The core and most essential step in data wrangling/analysis is to import all files required and related to the task at hand. The most commonly used data file format is CSV, which stands for comma separated values.

Often, extracts from software data or databases are given in CSV. It is highly important to get familiar with this format. Although CSV seems easy to handle, there are several traps on the way. Because CSV are essentially just simple and unprotected text files, many formatting errors can slip through them. A good data wrangler is able to tell what is a good CSV and what is bad CSV, and, very importantly, is able to produce high quality CSV.

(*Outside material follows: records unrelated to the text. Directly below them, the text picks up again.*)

Lemma exp_INR_mult n x : exp (INR n * x) = exp x ^ n.
Proof.
elim: n => [|n IH]; first by rewrite Rmult_0_l exp_0.
by rewrite S_INR Rmult_plus_distr_r Rmult_1_l exp_plus IH /=; lra.
Qed.

Lemma lim_seq_unique u l : Un_cv u l -> lim_seq u = l.
Proof.
move=> ul; rewrite /lim_seq; case: excluded_middle_informative => [E|N].
  by case: (constructive_indefinite_description _ E) => l' /= /UL_sequence; apply.
by case: N; exists l.
Qed.

Lemma lim_seq_growing u K :
  Un_growing u -> (forall n, u n <= K) -> Un_cv u (lim_seq u).
Proof.
move=> gu uK; have ub : has_ub u by exists K => _ [n ->]; exact: uK.
have [l ul] := growing_cv u gu ub.
by rewrite (lim_seq_unique ul).
Qed.

Lemma Un_cv_le_bound u l K : Un_cv u l -> (forall n, u n <= K) -> l <= K.
Proof.
by move=> ul uK; apply: Rle_cv_lim uK ul (Un_cv_const K).
Qed.

Lemma lim_infty_exp_bound (f : R -> R) (l C a : R) :
  0 < a -> (forall b, 0 < b -> Rabs (f b - l) <= C * exp (- (a * b))) ->
  lim_infty f l.
Proof.
move=> a0 fC eps eps0.
have C1 : 0 < Rabs C + 1 by have := Rabs_pos C; lra.
set t := eps / (Rabs C + 1).
have t0 : 0 < t by apply: Rdiv_lt_0_compat.
exists (Rmax 0 (- ln t / a)) => b /Rmax_Rlt [b0 bM].
have ab : - ln t < a * b.
  by move: (Rmult_lt_compat_l a _ _ a0 bM); rewrite /Rdiv Rmult_comm Rmult_assoc Rinv_l; lra.
have et : exp (- (a * b)) < t by rewrite -(exp_ln t t0); apply: exp_increasing; lra.
have e0 := exp_pos (- (a * b)).
apply: Rle_lt_trans (fC b b0) _.
apply: Rle_lt_trans (Rmult_le_compat_r _ _ _ (Rlt_le _ _ e0) (Rle_abs C)) _.
have -> : eps = t * (Rabs C + 1) by rewrite /t; field; lra.
have := Rabs_pos C; nra.
Qed.

(** * The jump chain and its hitting probabilities *)

Section JumpChain.
Variables (h beta : R) (L : nat).
Hypothesis L_gt0 : (0 < L)%N.

Local Notation conf := (conf L).
Local Notation jump_avg := (jump_avg h beta).
Local Notation reach := (reach h beta).
Local Notation escape := (escape h beta).

Definition jump_prob (s : conf) (x : site L) (pl : bool) : R :=
  rate h beta s (flip s x pl) / lam h beta s.

Definition origin : site L := (Ordinal L_gt0, Ordinal L_gt0).

Lemma rate_pos (s s' : conf) : 0 < rate h beta s s'.
Proof. exact: exp_pos. Qed.

Lemma lam_pos (s : conf) : 0 < lam h beta s.
Proof.
pose F x := rate h beta s (flip s x true) + rate h beta s (flip s x false).
have F0 x : 0 < F x.
  by have := rate_pos s (flip s x true); have := rate_pos s (flip s x false); rewrite /F; lra.
exact: Rlt_le_trans (F0 origin) (rsum_ge_term _ (fun x => Rlt_le _ _ (F0 x))).
Qed.

Lemma jump_prob_pos (s : conf) x pl : 0 < jump_prob s x pl.
Proof. exact: Rdiv_lt_0_compat (exp_pos _) (lam_pos s). Qed.

Lemma jump_avgE (s : conf) g :
  jump_avg s g = \rsum_(x : site L)
    (jump_prob s x true * g (flip s x true) + jump_prob s x false * g (flip s x false)).
Proof. by []. Qed.

Lemma jump_avg_le (s : conf) g g' :
  (forall z, g z <= g' z) -> jump_avg s g <= jump_avg s g'.
Proof.
move=> gg'; rewrite !jump_avgE; apply: rsum_le => x _.
have := jump_prob_pos s x true; have := jump_prob_pos s x false.
have := gg' (flip s x true); have := gg' (flip s x false); nra.
Qed.

Lemma jump_avg_plus (s : conf) g g' :
  jump_avg s (fun z => g z + g' z) = jump_avg s g + jump_avg s g'.
Proof. by rewrite !jump_avgE -rsum_plus; apply: eq_bigr => x _; ring. Qed.

Lemma jump_avg_scal (s : conf) c g :
  jump_avg s (fun z => c * g z) = c * jump_avg s g.
Proof. by rewrite !jump_avgE -rsum_scal; apply: eq_bigr => x _; ring. Qed.

Lemma jump_avg_const (s : conf) c : jump_avg s (fun _ => c) = c.
Proof.
have l0 := lam_pos s.
rewrite jump_avgE; transitivity (c / lam h beta s * lam h beta s); last by field; lra.
rewrite [X in _ = _ * X]/lam -rsum_scal; apply: eq_bigr => x _.
by rewrite /jump_prob; field; lra.
Qed.

Lemma jump_avg_ext (s : conf) g g' : g =1 g' -> jump_avg s g = jump_avg s g'.
Proof. by move=> gg'; rewrite !jump_avgE; apply: eq_bigr => x _; rewrite !gg'. Qed.

Lemma jump_avg_one_minus (s : conf) g :
  jump_avg s (fun z => 1 - g z) = 1 - jump_avg s g.
Proof.
have e : jump_avg s (fun _ => 1) = jump_avg s (fun z => (1 - g z) + g z).
  by apply: jump_avg_ext => z; ring.
by rewrite -[in RHS](jump_avg_const s 1) e jump_avg_plus; ring.
Qed.

Lemma jump_avg_ge0 (s : conf) g : (forall z, 0 <= g z) -> 0 <= jump_avg s g.
Proof. by move=> g0; rewrite -(jump_avg_const s 0); apply: jump_avg_le. Qed.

Note that, in most computers, CSV files are by default associated with Excel. Although Excel can be sometimes helpful, it generally falls into all CSV traps. I strongly advise you to install a lightweight, code-oriented text editor, such as Atom or Sublime Text, and associate CSV files with this text editor.

https://www.sublimetext.com/

# Task 1: Import glaciers.csv
**Your mission if you choose to accept it:**<br>
You are the new data analyst of a climate-concerned think tank. You are asked to identify the glaciers that are most vulnerable to climate change. They have sourced *glaciers.csv*, which is a scientific dataset on the world's glaciers. The first step is to open the file and observe the first lines.

### Import all necessary libraries

In [1]:
import pandas as pd

### Use the read_csv() method to read in the glaciers.csv file

In [2]:
df = pd.read_csv('glaciers.csv')

  df = pd.read_csv('glaciers.csv')


### Look at the top or bottom five lines of the dataframe using head() or tail() respectively

In [4]:
df.shape[0]

132890

## Task 2: Import all foodfacts file

**Your mission if you choose to accept it:**<br>
You are now in a NGO that focuses on healthy food, and have been asked to analyze the nutritonal qualities of the specific products. You downloaded extracts of the open food facts database https://world.openfoodfacts.org/.

*foodfacts.csv* is a real extract. It has the classic CSV format and can be easily loaded.

But life is not always that easy. You probably will encounter non-classic CSV files throughout your carreer. The other foodfacts files are modified versions of *foodfacts.csv*. Try to load them. Do not hesitate to open the file directly using a text editor to inspect what has changed, and envision potential solution on how to load it with python.

Hint: You can load most files in python in directly. For one of them, though, you will need to edit the file itself.

Note that these non-classic or seemingly corrupted CSVs are not uncommon at all. 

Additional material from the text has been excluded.